The amount of birds i have heard talking about 50 shades this 50 shades that, 90% of you fantasies about it and then you complain about a finger up the ****!! 50 Shades... Pfft


----------



## Heavyassweights (Jan 18, 2014)

Loveleelady said:


> ahhh that's awful feel sorry for the women


There he is


----------



## EpicSquats (Mar 29, 2014)

Breaking news: Tekkers has moved further a field to get pvssy, literally. The sheep near Margate are traumatised and pregnant.


----------



## Ryker (May 7, 2015)

Plate said:


> Another riveting post.. Take a seat ya boring cvnt


Fvck off you cvnt.

Or continue to post sh1t and try to be popular.

Get a fvcking life


----------



## Pinky (Sep 3, 2014)

sneeky_dave said:


> 50 shades is weak anyway......
> 
> Tekkers is a UKM legend.
> 
> ...


Wow wow fking wow. Get it right. Pinky aint ready for a tw4t haha

He goes on like he's some some sort of god. I have lost any respect i had for the bloke.


----------



## Pinky (Sep 3, 2014)

godspeed said:


> The amount of birds i have heard talking about 50 shades this 50 shades that, 90% of you fantasies about it and then you complain about a finger up the ****!! 50 Shades... Pfft


Mate i do not fantasise. I get WHAT I WANT WHEN I WANT it.

You cant beat a class looking GF who looks stunning on your arm but is a freak in the bedroom. These birds tekkers talks off, ive wiped better off my shoe.


----------



## sneeky_dave (Apr 2, 2013)

Pinky said:


> Wow wow fking wow. Get it right. Pinky aint ready for a tw4t haha
> 
> He goes on like he's some some sort of god. I have lost any respect i had for the bloke.


Haters gonna hate


----------



## vetran (Oct 17, 2009)

> ]50 shades is weak anyway......
> 
> Tekkers is a UKM legend.
> 
> ...


my mrs bought this book out of charity shop,dont now what chapter she was reading but i got a bj out of it ,well worth the £1.50 lol


----------



## Pinky (Sep 3, 2014)

sneeky_dave said:


> Haters gonna hate


Hate?? Hell no

Enlighten me on how im hating? Each to their own imo, but don't brag about treating woman like cattle. It shows him for exactly what he is


----------



## happygorila (Apr 29, 2015)

IGotTekkers said:


> Lol, wasnt really dealt that bad a hand was I?
> 
> View attachment 172655
> 
> ...


Baldy locks upside down head

Ud look funny if u was clean shaven and no hair like a fat naugty teenager


----------



## Verno (Apr 18, 2008)

Alright ladies I heard someone needed a tampon?


----------



## Natalie (Jul 22, 2014)

IGotTekkers said:


> What is it with birds that just cant take a hint? or are just so ****ing impatient, or seem to think I owe them something just because I showed them a glimour of interest. Iv got about 10 or so girls that im on and off with, obvs I cant give them all my undivided attention all of the time, and obvs iv got my favourites and then a select few special ones like my chocolate lady that I live with and the girl iv just started seeing.. But if I dont reply to some of them they ****ing hound me non stop! This one girl who im actually trying to shake off messaged me 8 times over 3 days, she saw I was online and she even knew I was chirpsing her skinnier fitter sister that I used to sleep with because the dozy cow told her, but still she messages!! why do they not feel like utter pests like a normal person would? If I send a girl a message and get pied, I can see im being pied and leave her alone, because being a letch is not at all attractive, how do females not see this when surely they must get the same issue with overly desperate men?
> 
> Girls I would LOVE your input on this one.

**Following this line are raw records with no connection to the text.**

Lemma gen_submodule_lsubmodule K : lsubmodule act (gen_submodule act K).
Proof.
split=> [S [[]] //|x y Kx Ky S hS|x Kx S hS|r x Kx S hS];
  have [[_ SD SN Sact] _] := hS.
- exact: SD (Kx S hS) (Ky S hS).
- exact: SN (Kx S hS).
- exact: Sact (Kx S hS).
Qed.

Lemma sub_gen_submodule K : K `<=` gen_submodule act K.
Proof. by move=> x Kx S [_]; apply. Qed.

Lemma lsubmodule_subgroup N : lsubmodule act N -> subgroup N.
Proof. by case. Qed.

Lemma dual_nbhs_compact (U : set (subspace (dual (M:=M)))) :
  nbhs (@trivial_char M : subspace (dual (M:=M))) U ->
  exists2 C, compact C & forall chi, dual chi ->
    (forall x, C x -> chi x = s1one) -> U chi.
Proof.
have triv_dual : dual (@trivial_char M).
  split; first exact: cst_continuous.
  by move=> x y; rewrite /trivial_char -circle0 -circleD addr0.
move=> U0; have {}U0 : within (dual (M:=M))
    (nbhs (@trivial_char M : {compact-open, M -> S1})) U.
  by rewrite (nbhs_subspace_in triv_dual).
pose F := filter_from [set C : set M | compact C]
  (fun C => [set g : {compact-open, M -> S1} | forall x, C x -> g x = s1one]).
have FF : Filter F.
  apply: filter_from_filter; first by exists set0; exact: compact0.
  move=> C1 C2 cC1 cC2; exists (C1 `|` C2); first exact: compactU.
  by move=> g g1; split=> x Cx; apply: g1; [left|right].
have Fcvg : F --> (@trivial_char M : {compact-open, M -> S1}).
  apply/compact_open_cvgP => K O cK oO KO.
  by exists K => // g gK _ [x Kx <-]; rewrite gK //; apply: KO; exists x.
have [C cC CU] := Fcvg _ U0.
by exists C => // chi chi_dual chiC; apply: CU.
Qed.
Lemma proj_ep_system :
  is_ep_system (X := fun n => alexandrov (lev n)) (fun m n => (m <= n)%N) proj.
Proof.
have proj_cont m n : (m <= n)%N ->
    continuous (proj m n : alexandrov (lev n) -> alexandrov (lev m)).
  by move=> mn; apply: monotone_continuous => c d; exact: proj_mono.
split.
  split=> [||i c|i j k ij jk c]; first exact: leq_directed.
  - exact: proj_cont.
  - exact: proj_id.
  - exact: proj_comp.
move=> m n mn; split; first exact: proj_cont.
exists (emb m n); split.
- by apply: monotone_continuous => c d; exact: emb_mono.
- by move=> c; exact: proj_emb.
- move=> c; apply/spec_le_alexandrov; last exact: emb_proj.
  + exact: lev_refl.
  + exact: lev_trans.
Qed.

Notation limit := (threads lev proj).

Definition a_thread : limit :=
  exist (@thread _ lev proj) (fun=> Aa) (fun _ _ _ => erefl).
Definition s_thread k : limit :=
  exist (@thread _ lev proj) (fun=> Ss k) (fun _ _ _ => erefl).

Lemma b_thread_subproof : @thread _ lev proj Bb.
Proof. by move=> m n mn /=; congr Bb; repeat case: ifP; move=> *; lia. Qed.

Definition b_thread : limit := exist (@thread _ lev proj) Bb b_thread_subproof.

Lemma spec_le_limit (z w : limit) n : spec_le z w -> lev n (sval z n) (sval w n).
Proof. exact: (spec_le_threads lev_refl lev_trans proj_mono n). Qed.

Lemma upset_a_b_thread : upset a_thread `&` upset b_thread `<=` set0.
Proof.
move=> z [/spec_le_limit az /spec_le_limit bz].
case E0: (sval z 0%N) (az 0%N) (bz 0%N) => [| |j|k] //= _ _.
have := svalP z 0%N k.+1 (leq0n _); rewrite E0.
by case: (sval z k.+1) (bz k.+1) => //= l [_ ?] [?]; lia.
Qed.

Lemma limit_not_weakly_hausdorff : ~ weakly_hausdorff limit.
Proof.
move=> /(_ a_thread b_thread set0 open0 upset_a_b_thread)[U [V [oU Ua oV Vb UV]]].
have [n [Un Vn]] := filter_ex (filterI (oU _ Ua) (oV _ Vb)).
by apply: (UV (s_thread n)); split; [apply: Un | apply: Vn] => /=.
Qed.

Theorem corollary5p7 :
  ~ omega_projective coherent_wH /\
  ~ omega_projective compact_coherent_wH /\
  exists (X : nat -> topologicalType) (p : forall m n : nat, X n -> X m),
    is_ep_system (fun m n : nat => (m <= n)%N) p /\
    (forall n, compact_coherent_wH (X n)) /\
    exists (L : topologicalType) (q : forall n, L -> X n),
      is_proj_limit (fun m n : nat => (m <= n)%N) p q /\ ~ weakly_hausdorff L.
Proof.
have [sys _] := proj_ep_system.
have lim := threads_proj_limit lev_refl lev_trans proj_mono.
split; [|split].
- move=> /(_ _ _ _ _ sys leq_countable_cofinal) omega.
  have [_] := omega (fun n => (level_compact_coherent_wH n).2) _ _ lim.
  exact: limit_not_weakly_hausdorff.
- move=> /(_ _ _ _ _ sys leq_countable_cofinal level_compact_coherent_wH _ _ lim).
  by case=> _ [_]; exact: limit_not_weakly_hausdorff.
- exists (fun n => alexandrov (lev n)), proj; split; first exact: proj_ep_system.
  split; first exact: level_compact_coherent_wH.
  exists limit, (@proj_thread _ lev proj); split; first exact: lim.
  exact: limit_not_weakly_hausdorff.
Qed.
Lemma rem_cat_cons x s1 s2 : x \notin s1 -> rem x (s1 ++ x :: s2) = s1 ++ s2.
Proof. by move=> xs1; rewrite rem_cat (negbTE xs1) /= eqxx. Qed.

Lemma rem_rcons x s : x \notin s -> rem x (rcons s x) = s.
Proof. by move=> xs; rewrite -cats1 rem_cat_cons ?cats0. Qed.

Lemma size_rcons_rem x s : x \in s -> size (rcons (rem x s) x) = size s.
Proof. by move=> xs; rewrite size_rcons size_rem // prednK // lt0n size_eq0; case: s xs. Qed.

Lemma rcons_rem_uniq x s : uniq s -> uniq (rcons (rem x s) x).
Proof. by move=> us; rewrite rcons_uniq mem_rem_uniqF // rem_uniq. Qed.

End SeqFacts.

Lemma run_faults_cons (T : eqType) (step : seq T -> T -> seq T * bool) c x s :
  run_faults step c (x :: s) = (step c x).2 + run_faults step (step c x).1 s.
Proof. by rewrite /=; case: (step c x). Qed.

Section FaultInsert.
Variables (T : eqType) (k : nat).
Implicit Types (x : T) (c : seq T).

Lemma fault_insert_nil x : 0 < k -> fault_insert k [::] x = [:: x].
Proof. by rewrite /fault_insert => ->. Qed.

Lemma fault_insert_props c x : 0 < k -> uniq c -> size c <= k -> x \notin c ->
  [/\ uniq (fault_insert k c x), size (fault_insert k c x) <= k & x \in fault_insert k c x].
Proof.
move=> k_gt0 uc szc xc; rewrite /fault_insert; case: ltnP => szk.
  by rewrite rcons_uniq xc uc size_rcons szk mem_rcons mem_head.
rewrite rcons_uniq size_rcons size_behead mem_rcons mem_head; split => //.
- rewrite (contra (@mem_behead _ _ x)) //.
  by case: c uc {szc szk xc} => //= a c /andP[].
- by case: (size c) szc szk => //= n; lia.
Qed.

Lemma lru_step_keeps_last c p x : 1 < k -> uniq (rcons c p) -> size (rcons c p) <= k ->
  x != p -> exists c', [/\ (lru_step k (rcons c p) x).1 = rcons c' x, uniq (rcons c' x),
                            size (rcons c' x) <= k & p \in c'].
Proof.
move=> k_gt1 uc szc xp; case: (boolP (x \in rcons c p)) => xc.
  exists (rem x (rcons c p)); rewrite /lru_step xc size_rcons_rem ?rcons_rem_uniq //.
  by split => //; apply: rem_mem; rewrite ?mem_rcons ?mem_head // eq_sym.
have [u1 s1 _] := fault_insert_props (ltnW k_gt1) uc szc xc.
exists (if size (rcons c p) < k then rcons c p else behead (rcons c p)).
have -> : (lru_step k (rcons c p) x).1 =
    rcons (if size (rcons c p) < k then rcons c p else behead (rcons c p)) x.
  by rewrite /lru_step (negbTE xc) /fault_insert; case: ifP.
move: u1 s1; rewrite /fault_insert; case: ifP => [_|szk]; first by rewrite mem_rcons mem_head.
by case: c {uc szc xc} szk => [|a c] /=; [lia | rewrite mem_rcons mem_head].
Qed.

End FaultInsert.

Section RunCache.
Variables (T : eqType) (step : seq T -> T -> seq T * bool).

Definition run_cache (c s : seq T) : seq T := foldl (fun c x => (step c x).1) c s.

Lemma run_cache_cat c s1 s2 : run_cache c (s1 ++ s2) = run_cache (run_cache c s1) s2.
Proof. exact: foldl_cat. Qed.

Lemma run_faults_cat c s1 s2 :
  run_faults step c (s1 ++ s2) = run_faults step c s1 + run_faults step (run_cache c s1) s2.
Proof.
elim: s1 c => [|x s1 IH] c //=.
by case: (step c x) => c' b; rewrite IH addnA.
Qed.

End RunCache.

Section Relabel.
Variables (A B : eqType) (g : B -> A) (k : nat).
Hypothesis g_inj : injective g.

Lemma map_rem x (s : seq B) : rem (g x) (map g s) = map g (rem x s).
Proof. by elim: s => [|y s IH] //=; rewrite (inj_eq g_inj); case: ifP => //= _; rewrite IH. Qed.

Lemma fault_insert_map (c : seq B) x :
  fault_insert k (map g c) (g x) = map g (fault_insert k c x).
Proof. by rewrite /fault_insert size_map; case: ifP => _; rewrite map_rcons ?behead_map. Qed.

Lemma run_faults_fifo_map (c s : seq B) :
  run_faults (fifo_step k) (map g c) (map g s) = run_faults (fifo_step k) c s.
Proof.
elim: s c => [|x s IH] c //=; rewrite /fifo_step (mem_map g_inj).
by case: ifP => _ /=; rewrite ?fault_insert_map IH.
Qed.

Lemma run_faults_lru_map (c s : seq B) :
  run_faults (lru_step k) (map g c) (map g s) = run_faults (lru_step k) c s.
Proof.
elim: s c => [|x s IH] c //=; rewrite /lru_step (mem_map g_inj).
by case: ifP => _ /=; rewrite ?map_rem -?map_rcons ?fault_insert_map IH.
Qed.

End Relabel.

Section PotentialBound.
Variables (T : eqType) (k : nat) (center : pred T).
Hypothesis k_gt1 : 1 < k.
Hypothesis center_uniq : forall x y, center x -> center y -> x = y.

Definition star_adj (a b : T) := (a == b) || ((a != b) && (center a || center b)).

Definition potential (p : T) (Q D : seq T) : nat :=
  2 * ((k - 1) - minn (count (predC center) Q) (k - 1))
  + (if center p then k - 2 else 0) + (if has center D then 0 else 2).

Record coupled (C P Q : seq T) (p : T) : Prop := Coupled {
  coupled_uniq_fifo : uniq C;
  coupled_size_fifo : size C <= k;
  coupled_uniq_lru : uniq (P ++ Q);
  coupled_size_lru : size (P ++ Q) <= k;
  coupled_last_fifo : p \in C;
  coupled_last_lru : exists Q0, Q = rcons Q0 p;
  coupled_center : forall y, center y -> y \in C -> y \in P ++ Q;
  coupled_no_center : ~~ has center (P ++ Q) -> P ++ Q = [:: p];
  coupled_suffix : {subset Q <= C} }.

Definition amortized (C P Q : seq T) (p x : T) :=
  exists P' Q', [/\ (lru_step k (P ++ Q) x).1 = P' ++ Q',
    coupled (fifo_step k C x).1 P' Q' x &
    2 * (k - 1) * (lru_step k (P ++ Q) x).2 + potential x Q' (P' ++ Q') <=
      2 * (k - 1) * (fifo_step k C x).2 + (k - 2) + potential p Q (P ++ Q)].

Lemma potential_le p Q D : potential p Q D <= 3 * k.
Proof. by rewrite /potential; case: (center p); case: (has center D) => /=; lia. Qed.

Lemma coupled_lru_rcons C P Q p : coupled C P Q p ->
  exists2 D0, P ++ Q = rcons D0 p & p \notin D0.
Proof.
case=> _ _ uD _ _ [Q0 eQ] _ _ _; subst Q; exists (P ++ Q0); first by rewrite rcons_cat.
by move: uD; rewrite -rcons_cat rcons_uniq => /andP[].
Qed.

Lemma count_leaves_lt (Q : seq T) p : center p -> p \in Q ->
  count (predC center) Q < size Q.
Proof.
move=> cp pQ; rewrite -(count_predC center Q).
have : 0 < count center Q by rewrite -has_count; apply/hasP; exists p.
lia.
Qed.

Lemma lru_hit_split (P Q : seq T) x : uniq (P ++ Q) -> x \in P ++ Q ->
  exists P' Q0', [/\ rcons (rem x (P ++ Q)) x = P' ++ rcons Q0' x,
     {subset rcons Q0' x <= x :: Q},
     count (predC center) Q <= count (predC center) (rcons Q0' x) &
     (center x -> count (predC center) (rcons Q0' x) = count (predC center) Q)].
Proof.
move=> uD; rewrite mem_cat; case: (boolP (x \in P)) => xP /= xQ.
  exists (rem x P), Q; rewrite rem_cat xP rcons_cat -cats1 count_cat; split => //.
  - by move=> y; rewrite mem_cat mem_seq1 in_cons orbC.
  - by lia.
  - by move=> /= ->; lia.
exists P, (rem x Q); rewrite rem_cat (negbTE xP) rcons_cat; split => //.
- by move=> y; rewrite mem_rcons !in_cons => /orP[->//|/mem_rem ->]; rewrite orbT.
- by rewrite (permP (perm_to_rem xQ)) -cats1 count_cat /=; lia.
- by move=> _; rewrite (permP (perm_to_rem xQ)) -cats1 count_cat /=; lia.
Qed.

Lemma amortized_repeat C P Q p : coupled C P Q p -> amortized C P Q p p.
Proof.
move=> I; have [D0 eD pD0] := coupled_lru_rcons I.
have pD : p \in P ++ Q by rewrite eD mem_rcons mem_head.
exists P, Q; rewrite /fifo_step /lru_step (coupled_last_fifo I) pD eD rem_rcons //.
by rewrite -eD /=; split => //; lia.
Qed.

Lemma amortized_lru_hit C P Q p x : coupled C P Q p -> x \in C -> x != p ->
  center p || center x -> x \in P ++ Q -> amortized C P Q p x.
Proof.
move=> [uC sC uD sD _ _ centerC noCenter QC] xC xp cpx xD.
have [P' [Q0' [eD' sQ' cQ' cQx]]] := lru_hit_split uD xD.
have memD' : P' ++ rcons Q0' x =i P ++ Q.
  move=> y; rewrite -eD' mem_rcons in_cons.
  case: (eqVneq y x) => [->|yx] /=; first by rewrite xD.
  by rewrite (mem_rem_uniq _ uD) inE yx.
have hasE : has center (P' ++ rcons Q0' x) = has center (P ++ Q) by apply: eq_has_r.
exists P', (rcons Q0' x); rewrite /fifo_step /lru_step xC xD /= -eD'; split => //.
  split => //.
  - by rewrite -eD' rcons_rem_uniq.
  - by rewrite -eD' size_rcons_rem.
  - by exists Q0'.
  - by move=> y cy yC; rewrite memD' centerC.
  - rewrite hasE => /noCenter eD; move: xD; rewrite eD inE => /eqP exp.
    by rewrite exp eqxx in xp.
  - by move=> y /sQ'; rewrite in_cons => /predU1P[->|/QC].
rewrite /potential eD' hasE; case cx: (center x).
- have -> : center p = false.
    by apply/negP => cp; move: xp; rewrite (center_uniq cx cp) eqxx.
  by rewrite (cQx cx) /=; lia.
- by rewrite cx orbF in cpx; rewrite cpx /=; lia.
Qed.

Lemma amortized_lru_fault C P Q p x : coupled C P Q p -> x \in C ->
  center p || center x -> x \notin P ++ Q -> amortized C P Q p x.
Proof.
move=> [uC sC uD sD _ [Q0 eQ] centerC _ QC] xC cpx xD.
have pQ : p \in Q by rewrite eQ mem_rcons mem_head.
have cx : center x = false by apply/negP => cx; move: xD; rewrite centerC.
have cp : center p by rewrite cx orbF in cpx.
have xQ : x \notin Q by move: xD; rewrite mem_cat negb_or => /andP[].
have szQ : size Q < k.
  have uQ : uniq Q by move: uD; rewrite cat_uniq => /and3P[].
  apply: leq_trans sC; apply: (uniq_leq_size (s1 := x :: Q)); first by rewrite /= xQ.
  by move=> y /predU1P[->|/QC].
have [P' eD'] : exists P', fault_insert k (P ++ Q) x = P' ++ rcons Q x.
  rewrite /fault_insert; case: ltnP => szD; first by exists P; rewrite rcons_cat.
  case: P {uD sD xD centerC} szD => [|a P1] szD; last by exists P1; rewrite /= rcons_cat.
  by move: szD; rewrite /=; lia.
have [uD' sD' _] := fault_insert_props (ltnW k_gt1) uD sD xD.
have hasD : has center (P ++ Q) by apply/hasP; exists p; rewrite // mem_cat pQ orbT.
have hasD' : has center (P' ++ rcons Q x).
  by apply/hasP; exists p; rewrite // mem_cat mem_rcons in_cons pQ !orbT.
exists P', (rcons Q x); rewrite /fifo_step /lru_step xC (negbTE xD) /= -eD'.
split => //.
  split => //; rewrite -?eD' //.
  - by exists Q.
  - by move=> y cy _; rewrite (center_uniq cy cp) eD' mem_cat mem_rcons in_cons pQ !orbT.
  - by rewrite eD' hasD'.
  - by move=> y; rewrite mem_rcons => /predU1P[->|/QC].
have := count_leaves_lt cp pQ.
rewrite /potential eD' hasD hasD' cp cx -cats1 count_cat /= cx.
by move: szQ; clear -k_gt1; lia.
Qed.
Lemma norm12_zero a b : norm12 (fun (_ : 'I_a) (_ : 'I_b) => 0) <= 1.
Proof.
apply: (big_ind (fun x => x <= 1)) => [|x y|j _]; [lra | exact: Rmax_lub |].
rewrite /norm2 /col (rsum_ext (G := fun _ => 0)) => [|i]; last by ring.
by rewrite rsum_const Rmult_0_r sqrt_0; lra.
Qed.

Lemma dualnorm12_le a b (U : Mat a b) B :
  (forall Dl, norm12 Dl <= 1 -> frob U Dl <= B) -> exists s, dualnorm12 U = Fin s /\ s <= B.
Proof.
move=> H; rewrite /dualnorm12.
have E0 : exists Dl : Mat a b, norm12 Dl <= 1 /\ frob U (fun _ _ => 0) = frob U Dl
  by exists (fun _ _ => 0); split => //; exact: norm12_zero.
have hb : bound (fun s => exists Dl : Mat a b, norm12 Dl <= 1 /\ s = frob U Dl)
  by exists B => s [Dl [h ->]]; exact: H.
have [s [-> [_ hl]]] := sup_R_spec E0 hb.
by exists s; split => //; apply: hl => s' [Dl [h ->]]; exact: H.
Qed.

(* Holds for n = 0 too, since / 0 = 0 in the Stdlib reals. *)
Lemma inv_INR_ge0 n : 0 <= / INR n.
Proof.
case: n => [|n]; first by rewrite /= Rinv_0; lra.
by apply/Rlt_le/Rinv_0_lt_compat/lt_0_INR; lia.
Qed.

Lemma mean_slack n (c u : 'I_n -> R) eta : 0 <= eta -> (forall i, c i <= u i + eta) ->
  / INR n * rsum c <= / INR n * rsum u + eta.
Proof.
move=> heta H.
have hsum : rsum c <= rsum u + INR n * eta
  by rewrite -rsum_const -rsum_add; exact: rsum_le.
case: n c u H hsum => [|n] c u _ hsum; first by rewrite /= Rinv_0; lra.
have hn : 0 < INR n.+1 by apply: lt_0_INR; lia.
have := Rmult_le_compat_l _ _ _ (Rlt_le _ _ (Rinv_0_lt_compat _ hn)) hsum.
by rewrite Rmult_plus_distr_l -Rmult_assoc Rinv_l ?Rmult_1_l //; lra.
Qed.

Surely this is a joke? No one would seriously write that


----------



## RUDESTEW (Mar 28, 2015)

fill your boots lad the river WILL run dry ,think of it as your supplying a service and even charge them ;-)


----------



## Verno (Apr 18, 2008)

Natalie said:


> Surely this is a joke? No one would seriously write that


You don't know our tekkers do you?

@IGotTekkers you clever Cnut, no such thing as bad publicity eh mate


----------



## banzi (Mar 9, 2014)

Natalie said:


> Surely this is a joke? No one would seriously write that


Careful Nat, one look into his eyes and he will be carrying you around his front room elbow deep.


----------



## Natalie (Jul 22, 2014)

banzi said:


> Careful Nat, one look into his eyes and he will be carrying you around his front room elbow deep.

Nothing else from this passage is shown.